▶ [Task goal]: Collect every line of the records below that contains the word "pose".

▶ [Data to process]:
- - - - - - -

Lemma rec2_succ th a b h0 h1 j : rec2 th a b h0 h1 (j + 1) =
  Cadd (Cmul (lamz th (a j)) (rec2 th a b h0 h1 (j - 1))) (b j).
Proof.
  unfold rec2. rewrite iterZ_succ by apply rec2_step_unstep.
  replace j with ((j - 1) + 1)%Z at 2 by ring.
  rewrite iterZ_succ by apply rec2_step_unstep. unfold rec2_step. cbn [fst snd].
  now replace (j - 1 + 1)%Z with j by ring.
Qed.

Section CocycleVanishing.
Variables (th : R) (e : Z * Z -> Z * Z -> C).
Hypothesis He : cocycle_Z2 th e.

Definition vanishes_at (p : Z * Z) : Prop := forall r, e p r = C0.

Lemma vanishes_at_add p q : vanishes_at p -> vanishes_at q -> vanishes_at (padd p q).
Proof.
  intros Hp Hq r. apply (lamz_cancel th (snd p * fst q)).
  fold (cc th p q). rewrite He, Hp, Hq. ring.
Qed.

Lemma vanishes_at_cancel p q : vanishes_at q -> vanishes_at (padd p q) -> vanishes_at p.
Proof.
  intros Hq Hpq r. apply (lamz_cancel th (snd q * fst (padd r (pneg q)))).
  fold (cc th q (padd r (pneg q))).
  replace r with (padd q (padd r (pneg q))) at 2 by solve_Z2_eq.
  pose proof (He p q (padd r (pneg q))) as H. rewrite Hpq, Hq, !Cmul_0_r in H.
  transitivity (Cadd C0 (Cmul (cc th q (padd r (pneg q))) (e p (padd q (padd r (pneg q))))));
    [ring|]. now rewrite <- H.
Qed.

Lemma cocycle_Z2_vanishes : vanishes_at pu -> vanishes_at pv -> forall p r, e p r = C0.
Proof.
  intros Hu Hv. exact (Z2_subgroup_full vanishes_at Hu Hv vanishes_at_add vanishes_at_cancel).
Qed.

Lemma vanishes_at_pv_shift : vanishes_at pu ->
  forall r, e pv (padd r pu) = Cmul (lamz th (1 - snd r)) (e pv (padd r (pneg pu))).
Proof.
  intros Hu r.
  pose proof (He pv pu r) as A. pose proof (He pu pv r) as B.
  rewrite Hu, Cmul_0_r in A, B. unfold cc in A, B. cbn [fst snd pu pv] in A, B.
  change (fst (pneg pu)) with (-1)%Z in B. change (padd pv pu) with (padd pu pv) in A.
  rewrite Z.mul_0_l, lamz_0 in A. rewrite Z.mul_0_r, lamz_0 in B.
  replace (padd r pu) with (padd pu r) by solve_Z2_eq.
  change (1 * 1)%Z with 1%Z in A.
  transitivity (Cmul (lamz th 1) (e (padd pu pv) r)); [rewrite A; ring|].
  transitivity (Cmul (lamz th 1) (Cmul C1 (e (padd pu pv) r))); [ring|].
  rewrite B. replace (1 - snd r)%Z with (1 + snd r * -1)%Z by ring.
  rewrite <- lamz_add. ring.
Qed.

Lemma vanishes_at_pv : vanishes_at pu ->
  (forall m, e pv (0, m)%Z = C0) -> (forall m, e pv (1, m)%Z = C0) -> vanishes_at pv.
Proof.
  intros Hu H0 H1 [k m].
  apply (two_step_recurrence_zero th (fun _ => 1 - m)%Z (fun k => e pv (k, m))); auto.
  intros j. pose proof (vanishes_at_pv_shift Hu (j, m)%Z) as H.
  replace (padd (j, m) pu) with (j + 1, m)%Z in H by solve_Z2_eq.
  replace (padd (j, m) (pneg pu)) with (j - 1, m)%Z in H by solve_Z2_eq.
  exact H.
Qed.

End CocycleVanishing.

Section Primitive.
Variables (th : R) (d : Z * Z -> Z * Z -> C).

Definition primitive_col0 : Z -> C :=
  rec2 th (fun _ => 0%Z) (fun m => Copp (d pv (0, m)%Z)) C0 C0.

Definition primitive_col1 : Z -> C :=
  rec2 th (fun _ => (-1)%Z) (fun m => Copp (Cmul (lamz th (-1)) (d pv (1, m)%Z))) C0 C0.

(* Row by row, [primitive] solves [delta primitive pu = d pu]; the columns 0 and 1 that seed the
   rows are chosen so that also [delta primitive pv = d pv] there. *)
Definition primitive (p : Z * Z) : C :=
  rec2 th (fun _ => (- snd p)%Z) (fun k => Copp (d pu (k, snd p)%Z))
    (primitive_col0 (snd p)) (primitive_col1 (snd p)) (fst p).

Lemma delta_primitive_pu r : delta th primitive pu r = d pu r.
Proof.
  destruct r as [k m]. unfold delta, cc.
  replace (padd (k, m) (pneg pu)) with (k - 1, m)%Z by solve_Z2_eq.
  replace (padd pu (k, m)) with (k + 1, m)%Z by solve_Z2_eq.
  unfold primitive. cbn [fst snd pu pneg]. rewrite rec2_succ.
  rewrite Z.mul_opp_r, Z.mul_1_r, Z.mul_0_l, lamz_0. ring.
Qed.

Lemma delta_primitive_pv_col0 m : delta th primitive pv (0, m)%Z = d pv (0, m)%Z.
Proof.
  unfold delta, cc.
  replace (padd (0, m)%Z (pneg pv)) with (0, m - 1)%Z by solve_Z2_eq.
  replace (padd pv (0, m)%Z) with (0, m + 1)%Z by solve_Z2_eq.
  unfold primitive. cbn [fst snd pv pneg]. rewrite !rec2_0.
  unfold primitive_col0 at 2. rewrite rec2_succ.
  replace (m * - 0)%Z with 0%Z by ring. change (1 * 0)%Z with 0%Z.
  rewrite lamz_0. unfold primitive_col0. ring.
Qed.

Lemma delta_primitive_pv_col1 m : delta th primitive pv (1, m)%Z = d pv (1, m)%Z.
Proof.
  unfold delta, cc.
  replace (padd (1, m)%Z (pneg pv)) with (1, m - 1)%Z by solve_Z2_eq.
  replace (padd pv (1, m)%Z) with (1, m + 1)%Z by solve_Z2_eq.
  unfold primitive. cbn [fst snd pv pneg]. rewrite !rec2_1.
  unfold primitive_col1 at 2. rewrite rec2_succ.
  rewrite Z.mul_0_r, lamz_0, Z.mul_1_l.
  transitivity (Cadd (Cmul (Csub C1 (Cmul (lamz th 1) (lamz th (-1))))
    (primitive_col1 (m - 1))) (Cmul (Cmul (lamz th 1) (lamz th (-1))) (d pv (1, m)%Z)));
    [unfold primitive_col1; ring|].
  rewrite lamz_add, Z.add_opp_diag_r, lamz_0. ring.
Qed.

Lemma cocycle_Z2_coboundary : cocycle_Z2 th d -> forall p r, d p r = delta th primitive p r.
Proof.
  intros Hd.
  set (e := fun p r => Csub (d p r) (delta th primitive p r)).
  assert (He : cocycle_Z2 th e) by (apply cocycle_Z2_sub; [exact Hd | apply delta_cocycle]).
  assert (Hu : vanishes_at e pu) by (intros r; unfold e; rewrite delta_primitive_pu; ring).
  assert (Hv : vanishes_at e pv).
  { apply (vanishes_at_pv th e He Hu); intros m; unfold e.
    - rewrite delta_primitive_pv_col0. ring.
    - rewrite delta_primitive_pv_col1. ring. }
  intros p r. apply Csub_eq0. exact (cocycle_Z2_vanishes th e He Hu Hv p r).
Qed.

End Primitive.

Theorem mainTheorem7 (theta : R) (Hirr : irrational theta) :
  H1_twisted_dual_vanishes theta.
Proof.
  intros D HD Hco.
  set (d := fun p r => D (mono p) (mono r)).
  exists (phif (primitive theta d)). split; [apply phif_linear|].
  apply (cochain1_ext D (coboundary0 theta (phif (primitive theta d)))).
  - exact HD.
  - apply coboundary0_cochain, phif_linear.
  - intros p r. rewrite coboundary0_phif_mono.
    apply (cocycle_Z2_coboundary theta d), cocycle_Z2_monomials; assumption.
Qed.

- - - - - - -

▶ [Written answer]:
  pose proof (He p q (padd r (pneg q))) as H. rewrite Hpq, Hq, !Cmul_0_r in H.
  pose proof (He pv pu r) as A. pose proof (He pu pv r) as B.
  intros j. pose proof (vanishes_at_pv_shift Hu (j, m)%Z) as H.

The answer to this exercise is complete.